▶ _Exercise goal_
Locate the line that contains "Definition sparse (m" in the entries below, then repeat it and every following line through the line that contains "rewrite negb_forall =>", exactly, and no others.

▶ _Supplied data_
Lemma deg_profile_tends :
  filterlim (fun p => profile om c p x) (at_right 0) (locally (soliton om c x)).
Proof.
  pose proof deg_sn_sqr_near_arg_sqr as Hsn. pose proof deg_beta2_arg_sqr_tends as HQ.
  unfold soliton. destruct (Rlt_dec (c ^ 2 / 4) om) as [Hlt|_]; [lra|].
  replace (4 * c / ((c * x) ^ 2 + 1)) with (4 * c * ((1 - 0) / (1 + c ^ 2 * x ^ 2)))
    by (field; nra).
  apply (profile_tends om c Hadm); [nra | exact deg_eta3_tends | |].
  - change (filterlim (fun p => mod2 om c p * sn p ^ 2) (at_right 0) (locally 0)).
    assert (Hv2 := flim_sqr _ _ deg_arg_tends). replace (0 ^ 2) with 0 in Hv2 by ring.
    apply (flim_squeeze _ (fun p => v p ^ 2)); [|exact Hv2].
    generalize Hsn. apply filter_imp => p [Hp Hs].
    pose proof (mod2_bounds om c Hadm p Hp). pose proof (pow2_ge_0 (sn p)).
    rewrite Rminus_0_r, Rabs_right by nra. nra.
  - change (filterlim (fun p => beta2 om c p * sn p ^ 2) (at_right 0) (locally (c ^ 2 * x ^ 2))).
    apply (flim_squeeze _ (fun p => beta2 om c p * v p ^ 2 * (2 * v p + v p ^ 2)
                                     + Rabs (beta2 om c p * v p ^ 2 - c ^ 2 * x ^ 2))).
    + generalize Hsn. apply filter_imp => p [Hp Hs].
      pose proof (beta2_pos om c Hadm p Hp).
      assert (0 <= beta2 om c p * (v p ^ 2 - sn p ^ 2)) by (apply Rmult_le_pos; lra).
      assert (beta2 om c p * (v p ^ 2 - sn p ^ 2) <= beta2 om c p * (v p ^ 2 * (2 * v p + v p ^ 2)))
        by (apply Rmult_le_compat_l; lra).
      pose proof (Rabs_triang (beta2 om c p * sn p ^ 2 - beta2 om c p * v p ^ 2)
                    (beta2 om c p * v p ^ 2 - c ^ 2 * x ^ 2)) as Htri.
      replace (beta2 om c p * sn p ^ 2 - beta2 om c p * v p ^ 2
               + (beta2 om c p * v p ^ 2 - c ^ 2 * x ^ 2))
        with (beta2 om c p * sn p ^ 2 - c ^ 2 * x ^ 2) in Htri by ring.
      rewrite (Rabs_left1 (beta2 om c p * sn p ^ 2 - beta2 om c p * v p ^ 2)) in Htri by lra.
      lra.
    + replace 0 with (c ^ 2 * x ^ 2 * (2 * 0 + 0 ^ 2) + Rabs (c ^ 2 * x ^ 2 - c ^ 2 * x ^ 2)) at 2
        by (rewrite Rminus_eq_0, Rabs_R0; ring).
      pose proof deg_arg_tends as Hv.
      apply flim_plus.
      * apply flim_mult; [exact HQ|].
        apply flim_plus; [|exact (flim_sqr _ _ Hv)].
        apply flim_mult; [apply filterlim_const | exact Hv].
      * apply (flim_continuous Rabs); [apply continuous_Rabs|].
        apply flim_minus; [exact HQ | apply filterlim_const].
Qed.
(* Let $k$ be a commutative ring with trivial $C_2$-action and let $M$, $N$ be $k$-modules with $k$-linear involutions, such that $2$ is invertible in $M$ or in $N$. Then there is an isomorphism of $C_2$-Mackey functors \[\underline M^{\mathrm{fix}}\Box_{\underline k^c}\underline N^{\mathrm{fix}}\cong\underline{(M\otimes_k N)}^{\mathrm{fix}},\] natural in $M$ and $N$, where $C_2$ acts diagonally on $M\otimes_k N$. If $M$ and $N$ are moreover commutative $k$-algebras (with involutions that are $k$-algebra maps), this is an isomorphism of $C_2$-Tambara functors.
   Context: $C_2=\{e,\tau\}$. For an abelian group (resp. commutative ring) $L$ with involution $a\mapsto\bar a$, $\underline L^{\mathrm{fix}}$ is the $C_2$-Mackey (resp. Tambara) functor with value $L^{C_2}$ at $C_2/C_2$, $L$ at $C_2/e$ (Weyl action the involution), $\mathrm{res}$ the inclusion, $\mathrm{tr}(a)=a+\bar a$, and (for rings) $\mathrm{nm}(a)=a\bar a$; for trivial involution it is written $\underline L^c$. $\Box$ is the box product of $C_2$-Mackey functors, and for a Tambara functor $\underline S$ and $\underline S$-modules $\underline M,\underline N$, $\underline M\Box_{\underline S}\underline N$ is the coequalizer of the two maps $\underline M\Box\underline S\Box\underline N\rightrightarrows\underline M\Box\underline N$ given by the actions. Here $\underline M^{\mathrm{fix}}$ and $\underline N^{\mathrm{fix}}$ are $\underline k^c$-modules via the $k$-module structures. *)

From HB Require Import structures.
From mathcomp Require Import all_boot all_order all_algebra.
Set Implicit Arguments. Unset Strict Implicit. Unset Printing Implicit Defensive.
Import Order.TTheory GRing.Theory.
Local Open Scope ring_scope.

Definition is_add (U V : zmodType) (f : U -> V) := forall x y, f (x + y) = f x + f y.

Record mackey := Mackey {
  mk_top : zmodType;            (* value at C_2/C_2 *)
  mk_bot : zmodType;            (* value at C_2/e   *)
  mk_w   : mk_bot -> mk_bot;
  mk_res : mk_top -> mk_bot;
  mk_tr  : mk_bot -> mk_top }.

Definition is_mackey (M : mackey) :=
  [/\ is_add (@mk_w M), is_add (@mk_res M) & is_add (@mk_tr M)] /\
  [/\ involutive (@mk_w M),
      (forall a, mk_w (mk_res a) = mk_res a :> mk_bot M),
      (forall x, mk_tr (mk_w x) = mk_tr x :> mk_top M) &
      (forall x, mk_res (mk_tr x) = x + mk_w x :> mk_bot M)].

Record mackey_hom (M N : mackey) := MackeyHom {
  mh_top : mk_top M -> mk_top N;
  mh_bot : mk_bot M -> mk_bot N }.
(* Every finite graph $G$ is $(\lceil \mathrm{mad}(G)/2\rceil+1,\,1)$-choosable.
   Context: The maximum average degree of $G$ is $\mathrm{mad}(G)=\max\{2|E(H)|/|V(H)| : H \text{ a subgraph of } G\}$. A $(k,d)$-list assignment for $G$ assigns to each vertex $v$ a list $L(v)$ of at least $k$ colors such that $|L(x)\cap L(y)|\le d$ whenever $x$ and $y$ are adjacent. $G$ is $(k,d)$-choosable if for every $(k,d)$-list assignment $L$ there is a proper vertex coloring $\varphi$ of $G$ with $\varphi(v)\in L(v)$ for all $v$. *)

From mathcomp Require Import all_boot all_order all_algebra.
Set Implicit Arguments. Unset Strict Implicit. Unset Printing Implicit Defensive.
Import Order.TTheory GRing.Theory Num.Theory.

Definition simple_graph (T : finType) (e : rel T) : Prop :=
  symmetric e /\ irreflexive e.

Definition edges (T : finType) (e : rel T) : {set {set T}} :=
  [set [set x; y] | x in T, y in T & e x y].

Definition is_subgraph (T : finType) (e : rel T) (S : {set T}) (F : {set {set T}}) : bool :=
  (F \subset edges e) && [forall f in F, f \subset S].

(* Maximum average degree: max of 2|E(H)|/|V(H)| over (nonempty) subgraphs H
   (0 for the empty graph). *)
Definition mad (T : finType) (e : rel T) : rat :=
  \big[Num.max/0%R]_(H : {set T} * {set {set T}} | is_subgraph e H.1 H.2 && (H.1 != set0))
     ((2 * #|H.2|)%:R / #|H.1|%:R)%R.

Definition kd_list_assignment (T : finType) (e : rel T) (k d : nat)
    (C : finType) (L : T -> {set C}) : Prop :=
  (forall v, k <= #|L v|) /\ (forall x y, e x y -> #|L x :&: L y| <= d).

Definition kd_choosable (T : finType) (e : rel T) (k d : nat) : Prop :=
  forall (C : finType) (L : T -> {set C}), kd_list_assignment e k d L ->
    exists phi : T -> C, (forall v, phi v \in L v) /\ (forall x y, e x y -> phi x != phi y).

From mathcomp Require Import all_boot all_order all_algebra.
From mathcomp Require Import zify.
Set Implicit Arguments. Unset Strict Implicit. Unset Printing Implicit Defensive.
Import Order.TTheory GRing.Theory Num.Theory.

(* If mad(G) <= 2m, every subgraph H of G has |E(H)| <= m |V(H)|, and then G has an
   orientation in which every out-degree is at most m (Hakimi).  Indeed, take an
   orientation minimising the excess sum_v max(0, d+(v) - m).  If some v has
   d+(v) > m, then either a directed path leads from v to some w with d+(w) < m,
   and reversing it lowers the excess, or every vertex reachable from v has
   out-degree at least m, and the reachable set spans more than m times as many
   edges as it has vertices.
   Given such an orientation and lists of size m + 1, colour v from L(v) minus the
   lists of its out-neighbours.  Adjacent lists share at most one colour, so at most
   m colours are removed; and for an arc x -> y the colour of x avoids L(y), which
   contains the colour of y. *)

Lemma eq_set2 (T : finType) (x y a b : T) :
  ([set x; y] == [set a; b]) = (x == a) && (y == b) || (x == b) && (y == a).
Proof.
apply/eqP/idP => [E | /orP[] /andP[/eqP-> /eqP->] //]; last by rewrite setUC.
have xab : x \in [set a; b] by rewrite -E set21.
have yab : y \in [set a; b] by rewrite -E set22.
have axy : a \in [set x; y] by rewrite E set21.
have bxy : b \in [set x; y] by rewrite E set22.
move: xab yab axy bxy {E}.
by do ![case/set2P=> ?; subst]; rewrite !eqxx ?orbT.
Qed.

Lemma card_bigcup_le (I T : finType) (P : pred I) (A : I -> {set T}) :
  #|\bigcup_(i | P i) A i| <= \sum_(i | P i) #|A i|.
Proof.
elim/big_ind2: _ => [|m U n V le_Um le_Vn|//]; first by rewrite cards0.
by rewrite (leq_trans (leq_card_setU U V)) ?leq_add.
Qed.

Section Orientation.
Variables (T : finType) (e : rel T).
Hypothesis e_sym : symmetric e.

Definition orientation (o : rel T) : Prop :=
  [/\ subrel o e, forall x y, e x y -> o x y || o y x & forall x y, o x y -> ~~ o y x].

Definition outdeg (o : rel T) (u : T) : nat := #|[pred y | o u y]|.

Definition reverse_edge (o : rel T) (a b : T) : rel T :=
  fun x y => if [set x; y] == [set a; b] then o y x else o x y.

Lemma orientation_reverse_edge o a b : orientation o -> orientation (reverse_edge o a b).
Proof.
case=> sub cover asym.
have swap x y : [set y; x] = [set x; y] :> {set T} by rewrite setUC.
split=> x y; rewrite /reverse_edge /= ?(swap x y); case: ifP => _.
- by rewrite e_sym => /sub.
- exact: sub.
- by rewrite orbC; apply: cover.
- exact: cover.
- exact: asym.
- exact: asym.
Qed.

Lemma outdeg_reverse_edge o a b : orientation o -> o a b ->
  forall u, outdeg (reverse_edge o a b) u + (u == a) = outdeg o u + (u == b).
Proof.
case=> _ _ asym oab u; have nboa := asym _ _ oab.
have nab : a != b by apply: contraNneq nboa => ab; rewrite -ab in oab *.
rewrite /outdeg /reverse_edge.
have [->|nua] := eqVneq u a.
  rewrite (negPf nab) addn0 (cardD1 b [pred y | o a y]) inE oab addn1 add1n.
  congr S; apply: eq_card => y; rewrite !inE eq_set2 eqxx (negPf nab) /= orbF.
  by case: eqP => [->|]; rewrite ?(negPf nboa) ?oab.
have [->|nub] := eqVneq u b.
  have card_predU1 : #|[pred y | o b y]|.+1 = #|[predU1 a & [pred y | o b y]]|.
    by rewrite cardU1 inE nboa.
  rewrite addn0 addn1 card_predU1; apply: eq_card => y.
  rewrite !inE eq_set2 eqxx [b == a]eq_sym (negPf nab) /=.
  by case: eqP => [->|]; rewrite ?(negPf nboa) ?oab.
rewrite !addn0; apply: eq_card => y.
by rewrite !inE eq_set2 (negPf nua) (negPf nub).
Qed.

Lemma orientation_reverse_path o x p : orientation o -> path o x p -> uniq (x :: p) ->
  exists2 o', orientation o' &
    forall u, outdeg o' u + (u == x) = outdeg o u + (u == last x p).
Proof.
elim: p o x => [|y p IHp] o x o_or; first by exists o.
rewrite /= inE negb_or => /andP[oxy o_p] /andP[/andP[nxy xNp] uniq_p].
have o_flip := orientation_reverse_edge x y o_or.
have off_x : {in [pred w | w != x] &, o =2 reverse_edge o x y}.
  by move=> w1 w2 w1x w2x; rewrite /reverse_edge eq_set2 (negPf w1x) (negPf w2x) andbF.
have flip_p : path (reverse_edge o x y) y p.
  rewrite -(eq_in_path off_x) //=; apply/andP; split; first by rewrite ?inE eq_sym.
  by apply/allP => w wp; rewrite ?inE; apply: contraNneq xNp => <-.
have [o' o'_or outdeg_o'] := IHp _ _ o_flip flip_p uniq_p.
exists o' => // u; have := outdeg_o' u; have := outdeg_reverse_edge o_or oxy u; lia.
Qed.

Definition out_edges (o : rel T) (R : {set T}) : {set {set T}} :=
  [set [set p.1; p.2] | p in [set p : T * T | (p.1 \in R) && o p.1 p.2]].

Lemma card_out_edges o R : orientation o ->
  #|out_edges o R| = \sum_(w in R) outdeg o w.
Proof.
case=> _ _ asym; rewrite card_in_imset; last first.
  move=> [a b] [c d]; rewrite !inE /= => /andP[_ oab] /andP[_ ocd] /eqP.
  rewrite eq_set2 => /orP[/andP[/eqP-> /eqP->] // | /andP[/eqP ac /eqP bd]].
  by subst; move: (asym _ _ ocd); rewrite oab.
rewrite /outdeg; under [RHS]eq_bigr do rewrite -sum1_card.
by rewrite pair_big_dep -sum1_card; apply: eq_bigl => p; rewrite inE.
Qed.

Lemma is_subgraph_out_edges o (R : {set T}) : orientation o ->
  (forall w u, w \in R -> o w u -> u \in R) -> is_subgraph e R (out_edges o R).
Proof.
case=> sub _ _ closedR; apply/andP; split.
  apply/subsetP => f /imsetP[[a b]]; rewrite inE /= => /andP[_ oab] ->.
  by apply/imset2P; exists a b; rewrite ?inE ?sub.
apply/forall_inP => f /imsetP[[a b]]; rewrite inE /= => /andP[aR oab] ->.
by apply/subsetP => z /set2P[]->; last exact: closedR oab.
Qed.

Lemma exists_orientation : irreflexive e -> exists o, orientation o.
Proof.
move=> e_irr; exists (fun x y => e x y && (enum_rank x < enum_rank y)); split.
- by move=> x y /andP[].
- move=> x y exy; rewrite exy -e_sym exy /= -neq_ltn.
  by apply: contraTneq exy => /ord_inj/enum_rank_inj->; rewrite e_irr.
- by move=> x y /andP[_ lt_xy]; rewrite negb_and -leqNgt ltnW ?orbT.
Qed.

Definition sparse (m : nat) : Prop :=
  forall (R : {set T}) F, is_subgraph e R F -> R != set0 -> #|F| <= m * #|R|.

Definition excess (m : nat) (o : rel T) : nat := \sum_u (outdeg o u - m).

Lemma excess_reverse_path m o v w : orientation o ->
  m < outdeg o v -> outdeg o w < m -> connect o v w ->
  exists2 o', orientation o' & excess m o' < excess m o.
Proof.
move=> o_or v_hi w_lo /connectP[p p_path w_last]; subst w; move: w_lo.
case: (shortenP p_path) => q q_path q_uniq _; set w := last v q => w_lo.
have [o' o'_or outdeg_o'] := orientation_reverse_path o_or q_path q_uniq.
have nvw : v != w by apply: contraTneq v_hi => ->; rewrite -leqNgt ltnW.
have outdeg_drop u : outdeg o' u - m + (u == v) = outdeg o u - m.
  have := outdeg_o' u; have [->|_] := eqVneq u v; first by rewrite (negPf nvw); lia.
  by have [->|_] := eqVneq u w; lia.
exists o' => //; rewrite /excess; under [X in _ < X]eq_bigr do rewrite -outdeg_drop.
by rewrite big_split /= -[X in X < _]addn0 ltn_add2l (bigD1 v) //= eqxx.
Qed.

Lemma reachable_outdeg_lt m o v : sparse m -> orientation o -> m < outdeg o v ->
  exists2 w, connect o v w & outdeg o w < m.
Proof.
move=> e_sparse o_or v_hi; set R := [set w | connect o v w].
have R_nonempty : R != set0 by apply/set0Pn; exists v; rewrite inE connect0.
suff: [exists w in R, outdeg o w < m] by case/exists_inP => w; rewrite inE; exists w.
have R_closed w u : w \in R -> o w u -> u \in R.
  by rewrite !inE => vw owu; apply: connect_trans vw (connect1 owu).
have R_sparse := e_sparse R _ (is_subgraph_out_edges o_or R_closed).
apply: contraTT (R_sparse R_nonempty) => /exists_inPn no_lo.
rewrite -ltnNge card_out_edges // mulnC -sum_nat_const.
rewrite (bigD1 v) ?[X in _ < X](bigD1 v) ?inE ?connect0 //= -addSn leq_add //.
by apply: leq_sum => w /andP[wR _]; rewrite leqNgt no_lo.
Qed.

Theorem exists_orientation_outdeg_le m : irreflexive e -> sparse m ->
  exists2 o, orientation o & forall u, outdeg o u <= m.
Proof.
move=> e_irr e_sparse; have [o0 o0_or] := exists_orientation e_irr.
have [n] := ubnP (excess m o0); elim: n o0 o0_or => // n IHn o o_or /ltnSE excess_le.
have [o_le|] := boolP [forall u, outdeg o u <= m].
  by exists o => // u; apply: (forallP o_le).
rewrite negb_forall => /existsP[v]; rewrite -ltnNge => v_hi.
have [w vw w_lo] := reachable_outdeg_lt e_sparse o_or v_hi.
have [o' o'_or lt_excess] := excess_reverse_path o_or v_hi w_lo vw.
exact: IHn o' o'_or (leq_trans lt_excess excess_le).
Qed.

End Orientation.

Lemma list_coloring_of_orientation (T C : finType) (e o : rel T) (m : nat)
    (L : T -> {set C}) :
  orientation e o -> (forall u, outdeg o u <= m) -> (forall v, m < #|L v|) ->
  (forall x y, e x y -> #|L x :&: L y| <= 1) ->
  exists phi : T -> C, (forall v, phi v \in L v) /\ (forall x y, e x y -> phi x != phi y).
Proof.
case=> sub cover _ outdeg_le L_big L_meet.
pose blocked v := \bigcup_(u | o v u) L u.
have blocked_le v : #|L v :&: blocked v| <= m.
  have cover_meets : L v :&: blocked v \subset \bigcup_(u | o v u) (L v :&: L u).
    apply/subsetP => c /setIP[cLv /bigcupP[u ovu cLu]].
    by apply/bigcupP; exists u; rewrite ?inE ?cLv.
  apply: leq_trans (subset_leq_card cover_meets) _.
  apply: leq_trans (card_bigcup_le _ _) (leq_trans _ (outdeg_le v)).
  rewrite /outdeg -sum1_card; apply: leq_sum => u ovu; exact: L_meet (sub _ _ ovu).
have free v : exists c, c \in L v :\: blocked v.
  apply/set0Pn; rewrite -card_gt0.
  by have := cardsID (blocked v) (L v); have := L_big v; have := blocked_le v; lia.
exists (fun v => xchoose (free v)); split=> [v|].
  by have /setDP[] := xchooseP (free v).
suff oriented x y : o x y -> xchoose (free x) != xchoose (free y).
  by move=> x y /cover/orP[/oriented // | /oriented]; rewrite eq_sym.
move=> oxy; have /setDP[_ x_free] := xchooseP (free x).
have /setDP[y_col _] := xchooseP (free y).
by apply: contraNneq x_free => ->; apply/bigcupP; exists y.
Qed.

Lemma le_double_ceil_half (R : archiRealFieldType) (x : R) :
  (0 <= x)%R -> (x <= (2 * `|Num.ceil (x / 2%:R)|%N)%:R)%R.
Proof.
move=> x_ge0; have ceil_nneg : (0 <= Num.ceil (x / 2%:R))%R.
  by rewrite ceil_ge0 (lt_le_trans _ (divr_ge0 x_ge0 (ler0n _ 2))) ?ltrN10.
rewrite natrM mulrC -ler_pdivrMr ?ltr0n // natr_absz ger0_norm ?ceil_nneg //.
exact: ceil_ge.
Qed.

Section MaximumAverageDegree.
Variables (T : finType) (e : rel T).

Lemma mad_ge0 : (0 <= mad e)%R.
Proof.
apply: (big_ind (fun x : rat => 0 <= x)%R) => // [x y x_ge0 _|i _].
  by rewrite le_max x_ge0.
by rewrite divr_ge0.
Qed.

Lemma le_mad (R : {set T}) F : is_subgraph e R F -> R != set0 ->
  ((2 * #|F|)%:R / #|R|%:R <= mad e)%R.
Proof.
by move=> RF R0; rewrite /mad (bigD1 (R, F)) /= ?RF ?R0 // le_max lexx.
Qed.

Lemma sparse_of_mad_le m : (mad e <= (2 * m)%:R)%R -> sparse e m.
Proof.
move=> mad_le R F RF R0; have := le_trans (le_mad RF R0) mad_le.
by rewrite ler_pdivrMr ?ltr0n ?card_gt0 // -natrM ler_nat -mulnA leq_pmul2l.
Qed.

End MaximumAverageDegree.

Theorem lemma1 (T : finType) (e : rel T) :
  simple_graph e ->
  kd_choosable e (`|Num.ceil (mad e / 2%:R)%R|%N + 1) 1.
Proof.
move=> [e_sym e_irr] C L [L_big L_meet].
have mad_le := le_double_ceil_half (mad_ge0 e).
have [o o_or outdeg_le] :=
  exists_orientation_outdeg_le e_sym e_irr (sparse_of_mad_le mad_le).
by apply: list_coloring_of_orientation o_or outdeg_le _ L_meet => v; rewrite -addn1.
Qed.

▶ _Task response_
Definition sparse (m : nat) : Prop :=
  forall (R : {set T}) F, is_subgraph e R F -> R != set0 -> #|F| <= m * #|R|.

Definition excess (m : nat) (o : rel T) : nat := \sum_u (outdeg o u - m).

Lemma excess_reverse_path m o v w : orientation o ->
  m < outdeg o v -> outdeg o w < m -> connect o v w ->
  exists2 o', orientation o' & excess m o' < excess m o.
Proof.
move=> o_or v_hi w_lo /connectP[p p_path w_last]; subst w; move: w_lo.
case: (shortenP p_path) => q q_path q_uniq _; set w := last v q => w_lo.
have [o' o'_or outdeg_o'] := orientation_reverse_path o_or q_path q_uniq.
have nvw : v != w by apply: contraTneq v_hi => ->; rewrite -leqNgt ltnW.
have outdeg_drop u : outdeg o' u - m + (u == v) = outdeg o u - m.
  have := outdeg_o' u; have [->|_] := eqVneq u v; first by rewrite (negPf nvw); lia.
  by have [->|_] := eqVneq u w; lia.
exists o' => //; rewrite /excess; under [X in _ < X]eq_bigr do rewrite -outdeg_drop.
by rewrite big_split /= -[X in X < _]addn0 ltn_add2l (bigD1 v) //= eqxx.
Qed.

Lemma reachable_outdeg_lt m o v : sparse m -> orientation o -> m < outdeg o v ->
  exists2 w, connect o v w & outdeg o w < m.
Proof.
move=> e_sparse o_or v_hi; set R := [set w | connect o v w].
have R_nonempty : R != set0 by apply/set0Pn; exists v; rewrite inE connect0.
suff: [exists w in R, outdeg o w < m] by case/exists_inP => w; rewrite inE; exists w.
have R_closed w u : w \in R -> o w u -> u \in R.
  by rewrite !inE => vw owu; apply: connect_trans vw (connect1 owu).
have R_sparse := e_sparse R _ (is_subgraph_out_edges o_or R_closed).
apply: contraTT (R_sparse R_nonempty) => /exists_inPn no_lo.
rewrite -ltnNge card_out_edges // mulnC -sum_nat_const.
rewrite (bigD1 v) ?[X in _ < X](bigD1 v) ?inE ?connect0 //= -addSn leq_add //.
by apply: leq_sum => w /andP[wR _]; rewrite leqNgt no_lo.
Qed.

Theorem exists_orientation_outdeg_le m : irreflexive e -> sparse m ->
  exists2 o, orientation o & forall u, outdeg o u <= m.
Proof.
move=> e_irr e_sparse; have [o0 o0_or] := exists_orientation e_irr.
have [n] := ubnP (excess m o0); elim: n o0 o0_or => // n IHn o o_or /ltnSE excess_le.
have [o_le|] := boolP [forall u, outdeg o u <= m].
  by exists o => // u; apply: (forallP o_le).
rewrite negb_forall => /existsP[v]; rewrite -ltnNge => v_hi.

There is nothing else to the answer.